New Lands

Posted on May 31, 2005 in Myths & Mysticism Reading

The dramatic moment stayed vacant, grew longer, sagged. No cry (“I can see!”) burst from Virgil’s lips. He seemed to be staring blankly, bewildered, without focusing at the surgeon, who stood before him, still holding the bandages. Only when the surgeon spoke — saying “Well?” — did a look of recognition cross Virgil’s face.

Virgil told me later that in this first moment he had no idea what he was seeing. There was light, there was movement, there was color, all mixed up, all meaningless, a blur. Then out of the blur came a voice that said “Well?” Then, and only then, he said, did he finally realize that this chaos of light and shadow was a face — and indeed the face of his surgeon.

Oliver Sacks, “To See and Not See”

square254.gifAgnostic that I am, I find much truth in this. A man — blind since early childhood — regains his sight in his forties. We who live with sight think “Such a wonder. To be able to see what has only been felt. And to know it instantly!” But it is not so for the handful who have come back from the land of the blind. When the scales fell from the man’s eyes (they sound like cataracts) that Jesus touched, what then? How long did he wander, puzzling his way about the Galilee, learning to discern a house from a palm tree, a camel from a wolf?

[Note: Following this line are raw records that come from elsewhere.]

(* Let $D$ be an $S$-subalgebra of $\mathbb{C}\langle u,v\rangle$ containing $s_1=uv+vu$, and let $b\ge 1$, $c\ge 0$ be integers such that $p_{(b,c)}=u^bv^c+v^bu^c\in D$. Then $uvu^bv^c+vuv^bu^c\in D$ and $p_{(b+1,c+1)}=u^{b+1}v^{c+1}+v^{b+1}u^{c+1}\in D$. In particular, if $D$ contains $s_1$, then $D$ contains $s_a=u^av^a+v^au^a$ for every $a\ge 1$.
   Context: $\mathbb{C}\langle u,v\rangle$ is the free associative unital algebra over $\mathbb C$ on noncommuting $u,v$, with homogeneous components $\mathbb{C}\langle u,v\rangle^{(k)}$ of total degree $k$. For each $k$, $\mathrm{Sym}(k)$ acts on $\mathbb{C}\langle u,v\rangle^{(k)}$ by permuting positions: $(x_{i_1}\cdots x_{i_k})\circ\pi=x_{i_{\pi^{-1}(1)}}\cdots x_{i_{\pi^{-1}(k)}}$ for monomials with $x_{i_j}\in\{u,v\}$, extended linearly. An $S$-subalgebra is a graded unital subalgebra $F=\bigoplus_kF^{(k)}$ with $F^{(k)}\circ\mathrm{Sym}(k)=F^{(k)}$ for all $k$. *)

From HB Require Import structures.
From mathcomp Require Import all_boot all_order all_algebra all_fingroup.
From mathcomp Require Import Rstruct complex.
From Stdlib Require Rdefinitions.
Set Implicit Arguments. Unset Strict Implicit. Unset Printing Implicit Defensive.
Import Order.TTheory GRing.Theory Num.Theory.
Local Open Scope ring_scope.

Definition CC : fieldType := (Rdefinitions.R)[i].

(* Letters: false = u, true = v.  A word (monomial) of length k is a map
   'I_k -> bool : position i carries the letter x_{i}. *)
Definition word (k : nat) := {ffun 'I_k -> bool}.

(* The homogeneous component C<u,v>^(k): linear combinations of words of length
   k, represented by their coefficient function  (word k -> C). *)
Definition hcomp (k : nat) := {ffun word k -> CC}.

Definition letters k (w : word k) : seq bool := [seq w i | i <- enum 'I_k].

(* The monomial given by a sequence of letters s, viewed in degree k
   (s should have size k). *)
Definition mono (k : nat) (s : seq bool) : hcomp k :=
  [ffun w : word k => (letters w == s)%:R].

(* Product C<u,v>^(k) x C<u,v>^(l) -> C<u,v>^(k+l) (concatenation of words,
   extended bilinearly): the coefficient of a word w of length k+l is
   f(first k letters of w) * g(last l letters of w). *)
Definition hmul k l (f : hcomp k) (g : hcomp l) : hcomp (k + l)%N :=
  [ffun w : word (k + l) =>
     f [ffun i => w (lshift l i)] * g [ffun j => w (rshift k j)]].

Definition hone : hcomp 0%N := [ffun _ => 1].

(* Right action of Sym(k):
   (x_{i_1}...x_{i_k}) o pi = x_{i_{pi^-1(1)}} ... x_{i_{pi^-1(k)}},
   so the coefficient of the word w' in f o pi is the coefficient of w' o pi
   in f. *)
Definition hact k (f : hcomp k) (pi : 'S_k) : hcomp k :=
  [ffun w : word k => f [ffun i => w (pi i)]].

(* A graded subspace F = (+)_k F^(k) of C<u,v> is given by its homogeneous
   components F k; it is an S-subalgebra when each F^(k) is a linear subspace,
   1 \in F^(0), F^(k) F^(l) \subseteq F^(k+l), and F^(k) o Sym(k) = F^(k). *)
Definition S_subalgebra (F : forall k, {pred hcomp k}) : Prop :=
  (forall k, 0 \in F k) /\
  (forall k (f g : hcomp k), f \in F k -> g \in F k -> f + g \in F k) /\
  (forall k (a : CC) (f : hcomp k), f \in F k -> a *: f \in F k) /\
  hone \in F 0%N /\
  (forall k l (f : hcomp k) (g : hcomp l),
      f \in F k -> g \in F l -> hmul f g \in F (k + l)%N) /\
  (forall k (f : hcomp k) (pi : 'S_k), f \in F k -> hact f pi \in F k).

Definition pbc (b c : nat) : hcomp (b + c)%N :=
  mono (b + c)%N (nseq b false ++ nseq c true) +
  mono (b + c)%N (nseq b true ++ nseq c false).

Definition s1 : hcomp 2%N := mono 2%N [:: false; true] + mono 2%N [:: true; false].

Definition sa (a : nat) : hcomp (a + a)%N := pbc a a.

Definition uvpbc (b c : nat) : hcomp (2 + (b + c))%N :=
  mono (2 + (b + c))%N ([:: false; true] ++ nseq b false ++ nseq c true) +
  mono (2 + (b + c))%N ([:: true; false] ++ nseq b true ++ nseq c false).

(* Multiplying p_(b,c) by s_1 = uv + vu gives the four monomials x x' y^b y'^c with
   {x, x'} = {y, y'} = {u, v}.  The transposition of the first and third letters fixes the
   two with x = y and sends the other two to the images of those two under the transposition
   of the second and third letters, which in turn fixes the two with x <> y.  Hence, for
   X = s_1 p_(b,c), X + X o (1 3) - X o (2 3) = 2 (uvu^bv^c + vuv^bu^c).  When b >= 1,
   transposing the second letter with the last letter of the block y^b turns this element
   into p_(b+1,c+1); starting from s_1 = p_(1,1), induction gives every s_a. *)

From mathcomp Require Import all_boot all_algebra all_fingroup.
From mathcomp Require Import Rstruct complex ring.

Import GRing.Theory Num.Theory.
Local Open Scope ring_scope.

Definition monomial {k : nat} (t : 'I_k -> bool) : hcomp k :=
  [ffun w => (w == finfun t)%:R].

Lemma eq_monomial k (t1 t2 : 'I_k -> bool) : t1 =1 t2 -> monomial t1 = monomial t2.
Proof. by move=> eq_t; rewrite /monomial (eq_ffun _ eq_t). Qed.

Lemma monoE k s : size s = k -> mono k s = monomial (fun i : 'I_k => nth false s i).
Proof.
move=> size_s; apply/ffunP=> w; rewrite !ffunE; congr (nat_of_bool _)%:R.
apply/eqP/eqP => [<-|->].
  by apply/ffunP=> i; rewrite ffunE /letters (nth_map i) ?size_enum_ord ?nth_ord_enum.
apply: (@eq_from_nth _ false); rewrite size_map size_enum_ord // => i lt_i_k.
by rewrite (nth_map (Ordinal lt_i_k)) ?size_enum_ord // ffunE nth_enum_ord.
Qed.

Lemma hact_monomial k t (pi : 'S_k) : hact (monomial t) pi = monomial (t \o pi^-1%g).
Proof.
apply/ffunP=> w; rewrite !ffunE; congr (nat_of_bool _)%:R.
apply/eqP/eqP => /ffunP eq_w; apply/ffunP=> i; rewrite !ffunE /=.
  by have := eq_w (pi^-1 i)%g; rewrite !ffunE permKV.
by have := eq_w (pi i); rewrite !ffunE /= permK.
Qed.

Lemma hmul_monomial k l (t1 : 'I_k -> bool) (t2 : 'I_l -> bool) :
  hmul (monomial t1) (monomial t2) =
  monomial (fun i => match split i with inl j => t1 j | inr j => t2 j end).
Proof.
apply/ffunP=> w; rewrite !ffunE -natrM mulnb; congr (nat_of_bool _)%:R.
apply/andP/eqP => [[/eqP/ffunP eq_l /eqP/ffunP eq_r]|->].
  apply/ffunP=> i; rewrite ffunE -(splitK i).
  by case: (split i) => j; rewrite ?unsplitK; [move: (eq_l j)|move: (eq_r j)]; rewrite !ffunE.
by split; apply/eqP/ffunP=> j; rewrite !ffunE ?(unsplitK (inl _ j)) ?(unsplitK (inr _ j)).
Qed.

Lemma hmul_mono k l s s' : size s = k -> size s' = l ->
  hmul (mono k s) (mono l s') = mono (k + l) (s ++ s').
Proof.
move=> size_s size_s'; rewrite !monoE ?size_cat ?size_s ?size_s' // hmul_monomial.
apply: eq_monomial => i; case: splitP => j ->; rewrite nth_cat size_s ?ltn_ord //.
by rewrite ltnNge leq_addr addKn.
Qed.

Lemma hmulDl k l (f g : hcomp k) (h : hcomp l) : hmul (f + g) h = hmul f h + hmul g h.
Proof. by apply/ffunP=> w; rewrite !ffunE mulrDl. Qed.

Lemma hmulDr k l (f : hcomp k) (g h : hcomp l) : hmul f (g + h) = hmul f g + hmul f h.
Proof. by apply/ffunP=> w; rewrite !ffunE mulrDr. Qed.

Lemma hactD k (f g : hcomp k) pi : hact (f + g) pi = hact f pi + hact g pi.
Proof. by apply/ffunP=> w; rewrite !ffunE. Qed.

Definition swap_nth (s : seq bool) (i j : nat) :=
  set_nth false (set_nth false s i (nth false s j)) j (nth false s i).

Lemma size_swap_nth s i j :
  (i < size s)%N -> (j < size s)%N -> size (swap_nth s i j) = size s.
Proof. by move=> lt_i lt_j; rewrite !size_set_nth !(maxn_idPr _). Qed.

Lemma nth_swap_nth s i j (n : nat) :
  nth false (swap_nth s i j) n = nth false s (if n == j then i else if n == i then j else n).
Proof. by rewrite nth_set_nth /=; case: ifP => // _; rewrite nth_set_nth /=; case: ifP. Qed.

Lemma hact_mono_tperm k s i j (lt_i : (i < k)%N) (lt_j : (j < k)%N) : size s = k ->
  hact (mono k s) (tperm (Ordinal lt_i) (Ordinal lt_j)) = mono k (swap_nth s i j).
Proof.
move=> size_s; rewrite !monoE ?size_swap_nth ?size_s // hact_monomial tpermV.
apply: eq_monomial => n /=; rewrite nth_swap_nth.
case: tpermP => [->|->|ne_i ne_j] /=; rewrite ?eqxx.
- by case: eqP => [->|].
- by [].
- case: eqP => [eq_nj|_]; first by case: ne_j; exact: val_inj.
  by case: eqP => // eq_ni; case: ne_i; exact: val_inj.
Qed.

Lemma set_nth_nseq_cat T (x0 x y : T) n s :
  set_nth x0 (nseq n x ++ s) n y = nseq n x ++ set_nth x0 s 0 y.
Proof. by elim: n => //= n ->. Qed.

Lemma swap_nth_uv (x y : bool) b c :
  swap_nth ([:: x; y] ++ nseq b.+1 x ++ nseq c y) 1 b.+2 = nseq b.+2 x ++ nseq c.+1 y.
Proof.
have -> : nseq b.+1 x ++ nseq c y = nseq b x ++ x :: nseq c y by elim: b => //= b ->.
by rewrite /swap_nth /= nth_cat size_nseq ltnn subnn set_nth_nseq_cat.
Qed.

Definition s1_pbc_term (x y : bool) b c : hcomp (2 + (b + c)) :=
  mono (2 + (b + c)) ([:: x; ~~ x] ++ nseq b y ++ nseq c (~~ y)).

Lemma hmul_s1_pbc b c : hmul s1 (pbc b c) =
  s1_pbc_term false false b c + s1_pbc_term false true b c +
  (s1_pbc_term true false b c + s1_pbc_term true true b c).
Proof. by rewrite hmulDl !hmulDr !hmul_mono // ?size_cat ?size_nseq. Qed.

(* Positions are 0-indexed: these are the transpositions (1 3) and (2 3) of the header. *)
Lemma hact_s1_pbc_term02 x y b c
    (lt0 : (0 < 2 + (b.+1 + c))%N) (lt2 : (2 < 2 + (b.+1 + c))%N) :
  hact (s1_pbc_term x y b.+1 c) (tperm (Ordinal lt0) (Ordinal lt2)) =
  mono (2 + (b.+1 + c)) [:: y, ~~ x, x & nseq b y ++ nseq c (~~ y)].
Proof. by rewrite hact_mono_tperm // ?size_cat ?size_nseq. Qed.

Lemma hact_s1_pbc_term12 x y b c
    (lt1 : (1 < 2 + (b.+1 + c))%N) (lt2 : (2 < 2 + (b.+1 + c))%N) :
  hact (s1_pbc_term x y b.+1 c) (tperm (Ordinal lt1) (Ordinal lt2)) =
  mono (2 + (b.+1 + c)) [:: x, y, ~~ x & nseq b y ++ nseq c (~~ y)].
Proof. by rewrite hact_mono_tperm // ?size_cat ?size_nseq. Qed.

Lemma hact_uvpbc {b c}
    (lt1 : (1 < 2 + (b.+1 + c))%N) (ltb : (b.+2 < 2 + (b.+1 + c))%N) :
  hact (uvpbc b.+1 c) (tperm (Ordinal lt1) (Ordinal ltb)) =
  mono _ (nseq b.+2 false ++ nseq c.+1 true) + mono _ (nseq b.+2 true ++ nseq c.+1 false).
Proof. by rewrite hactD !hact_mono_tperm ?swap_nth_uv // ?size_cat ?size_nseq. Qed.

Section SSubalgebra.

Context {D : forall k, {pred hcomp k}} (D_S : S_subalgebra D).

Lemma S_rpredD {k} {f g : hcomp k} : f \in D k -> g \in D k -> f + g \in D k.
Proof. by case: D_S => _ [addD _]; apply: addD. Qed.

Lemma S_rpredZ {k} (a : CC) {f : hcomp k} : f \in D k -> a *: f \in D k.
Proof. by case: D_S => _ [_ [scaleD _]]; apply: scaleD. Qed.

Lemma S_rpredB {k} {f g : hcomp k} : f \in D k -> g \in D k -> f - g \in D k.
Proof. by move=> f_in g_in; rewrite -scaleN1r; apply: S_rpredD => //; apply: S_rpredZ. Qed.

Lemma S_rpredM {k l} {f : hcomp k} {g : hcomp l} :
  f \in D k -> g \in D l -> hmul f g \in D (k + l)%N.
Proof. by case: D_S => _ [_ [_ [_ [mulD _]]]]; apply: mulD. Qed.

Lemma S_rpred_act {k} {f : hcomp k} pi : f \in D k -> hact f pi \in D k.
Proof. by case: D_S => _ [_ [_ [_ [_ actD]]]]; apply: actD. Qed.

Hypothesis s1_in : s1 \in D 2%N.

Lemma S_uvpbc {b c} :
  (1 <= b)%N -> pbc b c \in D (b + c)%N -> uvpbc b c \in D (2 + (b + c))%N.
Proof.
case: b => // b _ pbc_in; set X := hmul s1 (pbc b.+1 c).
have X_in : X \in D _ := S_rpredM s1_in pbc_in.
have lt0 : (0 < 2 + (b.+1 + c))%N by [].
have lt1 : (1 < 2 + (b.+1 + c))%N by [].
have lt2 : (2 < 2 + (b.+1 + c))%N by [].
set tau := tperm (Ordinal lt0) (Ordinal lt2).
set rho := tperm (Ordinal lt1) (Ordinal lt2).
have sum_in : X + hact X tau - hact X rho \in D _.
  by apply: S_rpredB; [apply: S_rpredD|]; rewrite ?S_rpred_act.
have sumE : X + hact X tau - hact X rho = uvpbc b.+1 c *+ 2.
  rewrite /X hmul_s1_pbc !hactD !hact_s1_pbc_term02 !hact_s1_pbc_term12.
  rewrite /s1_pbc_term /uvpbc /=.
  by apply/ffunP=> w; rewrite !ffunE; ring.
have -> : uvpbc b.+1 c = 2^-1 *: (X + hact X tau - hact X rho).
  by rewrite sumE -scalerMnr scalerMnl -mulr_natr mulVf ?scale1r // pnatr_eq0.
exact: S_rpredZ sum_in.
Qed.

Lemma S_pbc_succ {b c} :
  (1 <= b)%N -> pbc b c \in D (b + c)%N -> pbc b.+1 c.+1 \in D (b.+1 + c.+1)%N.
Proof.
move=> b_gt0 pbc_in; have := S_uvpbc b_gt0 pbc_in.
case: b b_gt0 {pbc_in} => // b _ uv_in.
have lt1 : (1 < 2 + (b.+1 + c))%N by [].
have ltb : (b.+2 < 2 + (b.+1 + c))%N by rewrite !addSn !ltnS leq_addr.
rewrite /pbc (_ : (b.+2 + c.+1 = 2 + (b.+1 + c))%N) ?addnS // -(hact_uvpbc lt1 ltb).
exact: S_rpred_act.
Qed.

End SSubalgebra.

Theorem mainTheorem4 (D : forall k, {pred hcomp k}) :
  S_subalgebra D -> s1 \in D 2%N ->
  (forall b c : nat, (1 <= b)%N -> pbc b c \in D (b + c)%N ->
     uvpbc b c \in D (2 + (b + c))%N /\ pbc b.+1 c.+1 \in D (b.+1 + c.+1)%N) /\
  (forall a : nat, (1 <= a)%N -> sa a \in D (a + a)%N).
Proof.
move=> D_S s1_in; split=> [b c b_gt0 pbc_in|].
  split; first exact: (S_uvpbc D_S s1_in b_gt0 pbc_in).
  exact: (S_pbc_succ D_S s1_in b_gt0 pbc_in).
elim=> [//|[_ _|a IHa _]]; first exact: s1_in.
by apply: (S_pbc_succ D_S s1_in _ (IHa isT)).
Qed.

Another story comes to mind: Of the explorer Vasquez de Coronado arriving for the first time on the Great Plains. Before the wheat and the cornfields. Before the roads. Just a long flatness of tall grass. The trouble he encountered was what happened when he sent his men out to reconnoiter. More than a few Spanish knights disappeared forever because there were no landmarks by which they could guide themselves back. The conquistador tried firing a cannon whose boom they could hear and follow back. But still men disappeared into Oklahoma, Kansas, north Texas. It was a world for which they had no rules of navigation because they were men of mountainous Spain.

Others may evolve similar analogies. The ones I have mentioned compel. I simply do not know if there is a God or not. Every “proof” or “disproof” that I have been given involves showing me things that I can know with the senses. Ultimately, explorers learned how to find their way across “the Great American Desert”. Those who have lost their sight, on the other hand, continue to have problems using their sight without also using their hands.

If there is an experience of a Higher Intelligence, I suspect that there’s a lot of blundering by the finder when he or she finds it. Whatever we have felt in our hearts about it will not match what we find when and if we are truly allowed to comprehend it. Virgil could not distinguish between a sphere and a cube by sight even though he had often held these shapes. If God is to be sensed beyond the senses, then there’s no way possible for us to know it as it is as long as we are sense-bound.

And because both believers and nonbelievers insist on sensual proofs, I cannot declare knowing anything at all. If there is a God, I lack what it takes to experience it just as a blind person cannot know color. God is, for us, a new, undiscovered land. I have not tread on that continent. I may know it when I find it because I will not know the first thing about being in it.


Evalengicals and Fundamentalists often speak of the rewards that they receive by talking to God and having their prayers answered. That is why I don’t believe them. There is no evidence that their perspective has been changed. They remain the same sense-bound people they were before. A better case might be made for mystics who have found “the cloud of unknowing”.